Towards Generation of Decision Tables

This was a very simple example but ontologies can consist of more complex conditions. In fact because of the Open World Assumption it is possible that you have to define even more properties (perhaps using features from SWRL) to get a more suitable (but in fact more complex) model. But you will never overcome the "restrictions" of the Open world assumption and in the end you will have to check the completeness of your model using a different algorithm. This could be done using a more sophisticated datatype reasoner or using BRFplus: just generate a decions table from the ontology and use completeness check in BRFplus.

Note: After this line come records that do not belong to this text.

(* Let $\delta\in(0,1)$, let $S\subseteq V$ be fixed, and let $\mathcal{R}$ be a collection of $T$ independent IBSs drawn from $\Omega^n$. Let $c=\ln(1/\delta)$ and $p=p(S)$. Define $$f_l(\mathcal{R},\delta)=\min\left\{\hat{\mathbb{B}}(S)-\frac{\rho c\Gamma}{3T},\ \hat{\mathbb{B}}(S)-\frac{\Gamma}{T}\left(\frac{\rho c}{3}-cp+\sqrt{\Big(\frac{\rho c}{3}-cp\Big)^2+2Tpc\frac{\hat{\mathbb{B}}(S)}{\Gamma}}\right)\right\}.$$ Then $\Pr[\mathbb{B}(S)\ge f_l(\mathcal{R},\delta)]\ge1-\delta$.
   Context: Setting: $G=(V,E)$ is a directed graph under the Independent Cascade model with edge probabilities $p(u,v)\in(0,1)$. A random live-edge graph $g$ keeps each edge $e$ independently with probability $p(e)$, and $R(g,S)$ is the set of nodes reachable from $S$ in $g$. Each node has benefit $b(u)\ge0$. The benefit function is $\mathbb{B}(S)=\mathbb{E}_g[\sum_{u\in R(g,S)}b(u)]$. Let $\Gamma=\sum_u b(u)>0$. For each node $u$, $\gamma(u)=1-\prod_{v\in N_{in}(u)}(1-p(v,u))$, and $\Phi=\sum_u\gamma(u)b(u)>0$. IBS distribution $\Omega^n$: pick a source $u$ with probability $\gamma(u)b(u)/\Phi$. Then output the set of nodes that can reach $u$ in a random live-edge graph, conditioned on at least one in-edge of $u$ being kept. For a collection $\mathcal{R}=\{R_1,\dots,R_T\}$ of IBSs, the estimator is $$\hat{\mathbb{B}}(S)=\frac{\Phi}{T}\sum_{j=1}^T\min\{1,|S\cap R_j|\}+\sum_{v\in S}(1-\gamma(v))b(v).$$ Further definitions: - $\mu_{\min}(S)=\sum_{v\in S}(1-\gamma(v))b(v)/\Gamma$; - $\rho=\Phi/\Gamma$; - $\mu_{\max}(S)=\rho+\mu_{\min}(S)$; - $p(S)=\min\{\rho,\ \mu_{\max}(S)+\mu_{\min}(S)-2\sqrt{\mu_{\min}(S)\mu_{\max}(S)}\}$. *)

From mathcomp Require Import all_boot.
From Stdlib Require Import Reals.
Set Implicit Arguments. Unset Strict Implicit. Unset Printing Implicit Defensive.

Open Scope R_scope.

Section IBS.
Variable V : finType.
Variable E : {set V * V}.
Variable p : V -> V -> R.
Variable b : V -> R.

Definition rsum {I : finType} (P : pred I) (F : I -> R) : R :=
  \big[Rplus/0]_(i | P i) F i.
Definition rprod {I : finType} (P : pred I) (F : I -> R) : R :=
  \big[Rmult/1]_(i | P i) F i.

Definition live_prob (g : {set V * V}) : R :=
  if g \subset E then
    rprod (fun e => e \in E) (fun e => if e \in g then p e.1 e.2 else 1 - p e.1 e.2)
  else 0.

Definition live_rel (g : {set V * V}) : rel V := fun x y => (x, y) \in g.

Definition reach (g : {set V * V}) (S : {set V}) : {set V} :=
  [set v | [exists u in S, connect (live_rel g) u v]].

Definition benefit (S : {set V}) : R :=
  rsum predT (fun g : {set V * V} =>
    live_prob g * rsum (fun u => u \in reach g S) b).

Definition Gamma : R := rsum predT b.

Definition gamma (u : V) : R :=
  1 - rprod (fun v => (v, u) \in E) (fun v => 1 - p v u).

Definition Phi : R := rsum predT (fun u => gamma u * b u).

Definition rrset (g : {set V * V}) (u : V) : {set V} :=
  [set v | connect (live_rel g) v u].

Definition in_kept (g : {set V * V}) (u : V) : bool :=
  [exists v, ((v, u) \in E) && ((v, u) \in g)].

(* probability that an IBS drawn from Omega^n equals Rset:
   source u with prob gamma(u) b(u) / Phi, then the reverse-reachable set of u
   in a random live-edge graph, conditioned on in_kept g u *)
Definition ibs_prob (Rset : {set V}) : R :=
  rsum predT (fun u =>
    (gamma u * b u / Phi) *
    (rsum (fun g => in_kept g u && (rrset g u == Rset)) live_prob /
     rsum (fun g => in_kept g u) live_prob)).

Definition sample_prob (T : nat) (Rs : {ffun 'I_T -> {set V}}) : R :=
  rprod predT (fun j => ibs_prob (Rs j)).

(* probability of an event on the collection (a Prop, made decidable classically
   through the real order decision in the uses below) *)
Definition sample_Pr (T : nat) (ev : {ffun 'I_T -> {set V}} -> bool) : R :=
  rsum ev (@sample_prob T).

Definition Bhat (S : {set V}) (T : nat) (Rs : {ffun 'I_T -> {set V}}) : R :=
  Phi / INR T * rsum predT (fun j : 'I_T => INR (minn 1 #|S :&: Rs j|))
  + rsum (fun v => v \in S) (fun v => (1 - gamma v) * b v).

Definition mu_min (S : {set V}) : R :=
  rsum (fun v => v \in S) (fun v => (1 - gamma v) * b v) / Gamma.
Definition rho : R := Phi / Gamma.
Definition mu_max (S : {set V}) : R := rho + mu_min S.
Definition pS (S : {set V}) : R :=
  Rmin rho (mu_max S + mu_min S - 2 * sqrt (mu_min S * mu_max S)).

Definition f_l (S : {set V}) (T : nat) (Rs : {ffun 'I_T -> {set V}}) (delta : R) : R :=
  let c := ln (1 / delta) in
  let q := pS S in
  let B := Bhat S Rs in
  Rmin (B - rho * c * Gamma / (3 * INR T))
       (B - Gamma / INR T *
            (rho * c / 3 - c * q
             + sqrt ((rho * c / 3 - c * q) ^ 2 + 2 * INR T * q * c * (B / Gamma)))).

Definition Rleb (x y : R) : bool := if Rle_dec x y then true else false.

End IBS.

(* Each IBS [R] contributes [X = min {1, |S ∩ R|}], a Bernoulli variable with mean [q],
   and the benefit decomposes exactly as [B(S) = Phi q + sum_(v in S) (1 - gamma v) b v]
   (the conditioning on a kept in-edge is compensated by the source weight [gamma u]).
   Hence [T (Bhat(S) - B(S)) / Gamma] is a sum of [T] i.i.d. centred variables
   [rho (X_j - q) <= rho] of variance [rho^2 q (1 - q) <= p(S) B(S) / Gamma].
   Bernstein's inequality, obtained from [e^x <= 1 + x + 3 x^2 / (2 (3 - c))] for
   [x <= c < 3], bounds by [delta] the probability that this sum exceeds the radius [t]
   solving [t^2 = 2 ln(1/delta) (T p(S) B(S) / Gamma + rho t / 3)]; and [B(S) < f_l]
   forces the sum beyond that radius. *)

From HB Require Import structures.
From mathcomp Require Import all_boot.
From Stdlib Require Import Reals Lra Psatz.
From Coquelicot Require Import Coquelicot.
Set Implicit Arguments. Unset Strict Implicit.
Open Scope R_scope.

Lemma exp_le_quadratic_nonpos x : x <= 0 -> exp x <= 1 + x + x ^ 2 / 2.
Proof.
move=> hx; case: (Req_dec x 0) => [->|hx0]; first by rewrite exp_0; lra.
set h := fun y => 1 + y + y ^ 2 / 2 - exp y.
have [c [hmvt hc]] : exists c, h 0 - h x = (1 + c - exp c) * (0 - x) /\ x < c < 0.
  apply: (MVT_cor2 h (fun c => 1 + c - exp c)); first lra.
  by move=> c _; apply/is_derive_Reals; rewrite /h; auto_derive => //; field.
have := exp_ineq1_le c; have : h 0 = 0 by rewrite /h exp_0; lra.
rewrite /h in hmvt *; nra.
Qed.

(* [(1 + y + 3y^2/(2(3-y))) e^(-y)] is nondecreasing on [[0, 3)]: its derivative is
   [y^3 e^(-y) / (2(3-y)^2)]. *)
Lemma exp_le_bernstein_nonneg x : 0 <= x < 3 ->
  exp x <= 1 + x + 3 * x ^ 2 / (2 * (3 - x)).
Proof.
move=> [hx0 hx3]; case: (Req_dec x 0) => [->|hx]; first by rewrite exp_0; lra.
set phi := fun y => (1 + y + 3 * y ^ 2 / (2 * (3 - y))) * exp (- y).
have [c [hmvt hc]] : exists c, phi x - phi 0 =
    (c ^ 3 / (2 * (3 - c) ^ 2) * exp (- c)) * (x - 0) /\ 0 < c < x.
  apply: (MVT_cor2 phi (fun c => c ^ 3 / (2 * (3 - c) ^ 2) * exp (- c))); first lra.
  move=> c hc; apply/is_derive_Reals; rewrite /phi; auto_derive; first lra.
  by field; lra.
have hphi0 : phi 0 = 1 by rewrite /phi Ropp_0 exp_0; field.
have hslope : 0 <= c ^ 3 / (2 * (3 - c) ^ 2) * exp (- c) * (x - 0).
  apply: Rmult_le_pos; last lra.
  apply: Rmult_le_pos; last exact: Rlt_le (exp_pos _).
  apply: Rdiv_le_0_compat; first by apply: pow_le; lra.
  have h3c : 0 < 3 - c by lra.
  nra.
have hphix : 1 <= phi x by lra.
have hinv : exp x * exp (- x) = 1 by rewrite -exp_plus Rplus_opp_r exp_0.
have := exp_pos x; have := exp_pos (- x).
have := Rmult_le_compat_l _ _ _ (Rlt_le _ _ (exp_pos x)) hphix.
rewrite /phi; nra.
Qed.

Lemma exp_le_bernstein x c : 0 <= c < 3 -> x <= c ->
  exp x <= 1 + x + 3 / (2 * (3 - c)) * x ^ 2.
Proof.
move=> hc hxc.
have hK : 1 / 2 <= 3 / (2 * (3 - c)).
  apply: (Rmult_le_reg_r (2 * (3 - c))); first lra.
  by rewrite (_ : 3 / (2 * (3 - c)) * (2 * (3 - c)) = 3); [lra | field; lra].
have hx2 := pow2_ge_0 x.
case: (Rle_lt_dec x 0) => hx0.
  have := exp_le_quadratic_nonpos hx0.
  have := Rmult_le_compat_r _ _ _ hx2 hK; lra.
have := exp_le_bernstein_nonneg (conj (Rlt_le _ _ hx0) (Rle_lt_trans _ _ _ hxc (proj2 hc))).
have : 3 * x ^ 2 / (2 * (3 - x)) <= 3 / (2 * (3 - c)) * x ^ 2.
  rewrite (_ : 3 * x ^ 2 / (2 * (3 - x)) = 3 / (2 * (3 - x)) * x ^ 2); last by field; lra.
  apply: Rmult_le_compat_r => //; apply: Rmult_le_compat_l; first lra.
  apply: Rinv_le_contravar; lra.
lra.
Qed.

(* The positive root [t] of [t^2 = 2 c (T v + r t / 3)], i.e. of
   [exp (- t^2 / (2 (T v + r t / 3))) = exp (- c)] in Bernstein's inequality. *)
Definition bernstein_radius (r c T v : R) : R :=
  r * c / 3 + sqrt ((r * c / 3) ^ 2 + 2 * c * T * v).

Lemma bernstein_radius_spec r c T v : 0 < r -> 0 < c -> 0 <= T * v ->
  0 < bernstein_radius r c T v /\
  bernstein_radius r c T v ^ 2 = 2 * c * (T * v + r * bernstein_radius r c T v / 3).
Proof.
move=> hr hc hTv; rewrite /bernstein_radius.
set a := r * c / 3; set w := a ^ 2 + 2 * c * T * v.
have ha : 0 < a by rewrite /a; apply: Rdiv_lt_0_compat; [apply: Rmult_lt_0_compat|]; lra.
have hw : 0 <= w by rewrite /w; have := pow2_ge_0 a; nra.
have := sqrt_sqrt _ hw; have := sqrt_pos w.
rewrite /w /a; split; nra.
Qed.

Lemma bernstein_exponent r c T v : 0 < T -> 0 < r -> 0 < c -> 0 <= v ->
  exists lam, [/\ 0 <= lam, lam * r < 3 &
    - lam * bernstein_radius r c T v + T * (3 / (2 * (3 - lam * r))) * lam ^ 2 * v = - c].
Proof.
move=> hT hr hc hv.
have [ht ht2] := @bernstein_radius_spec r c T v hr hc (Rmult_le_pos _ _ (Rlt_le _ _ hT) hv).
set t := bernstein_radius r c T v in ht ht2 *; clearbody t.
case: (Req_dec v 0) => [hv0|hv0].
  have htr : t = 2 * (r * c / 3) by rewrite hv0 Rmult_0_r Rplus_0_l in ht2; nra.
  exists (3 / (2 * r)); split.
  - by apply: Rlt_le; apply: Rdiv_lt_0_compat; lra.
  - by rewrite (_ : 3 / (2 * r) * r = 3 / 2); [lra | field; lra].
  - by rewrite hv0 htr; field; lra.
have hTv : 0 < T * v by apply: Rmult_lt_0_compat; lra.
have [D [eD hD]] : exists D, D = T * v + r * t / 3 /\ 0 < D.
  by eexists; split; [reflexivity | have := Rmult_lt_0_compat _ _ hr ht; lra].
rewrite -eD in ht2.
have hgap : 3 - t / D * r = 3 * (T * v) / D by rewrite eD; field; lra.
exists (t / D); split.
- by apply: Rlt_le; apply: Rdiv_lt_0_compat.
- by have := Rdiv_lt_0_compat _ _ (Rmult_lt_0_compat 3 _ ltac:(lra) hTv) hD; lra.
- rewrite hgap (_ : - (t / D) * t + T * (3 / (2 * (3 * (T * v) / D))) * (t / D) ^ 2 * v
                   = - t ^ 2 / (2 * D)); last by field; lra.
  by rewrite ht2; field; lra.
Qed.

Generating BRFplus artificats from ontologies is not difficult since we can add additional metadata to the ontology that are needed to generate a BRFplus function using the BRFplus API.

Summary

Ontologies provide a framework for classifications that can be used to model decision services especially decision tables. I think this is a nice to know for theoretical purposes but is this useful for practical purposes? Here I’m not sure: in my BRFplus projects I have been able to translate the complete set of rules into a huge decision table so far but in the end I favored a modularization using BRFplus functions or rule sets since often this is easier to understand. But there might be the case that rulesets can be quite large - and they will grow in the HANA context in my opinion – that a more structured approach can be useful for creation and maintenance. And here ontologies can help in my opinion. If have more experience with this approach and have some kind of best practices I will blog about them.

Again I attach the above used ontoloy as XML file to this blog entry - feel free to experiment with it. In fact I have many ideas for research topics (think of a diploma thesis for example): Can we define a description logic that represents decision tables in a better way? Could we generate decision tables (HANA and/or BRFplus) from ontologies, How do we bridge the type gap?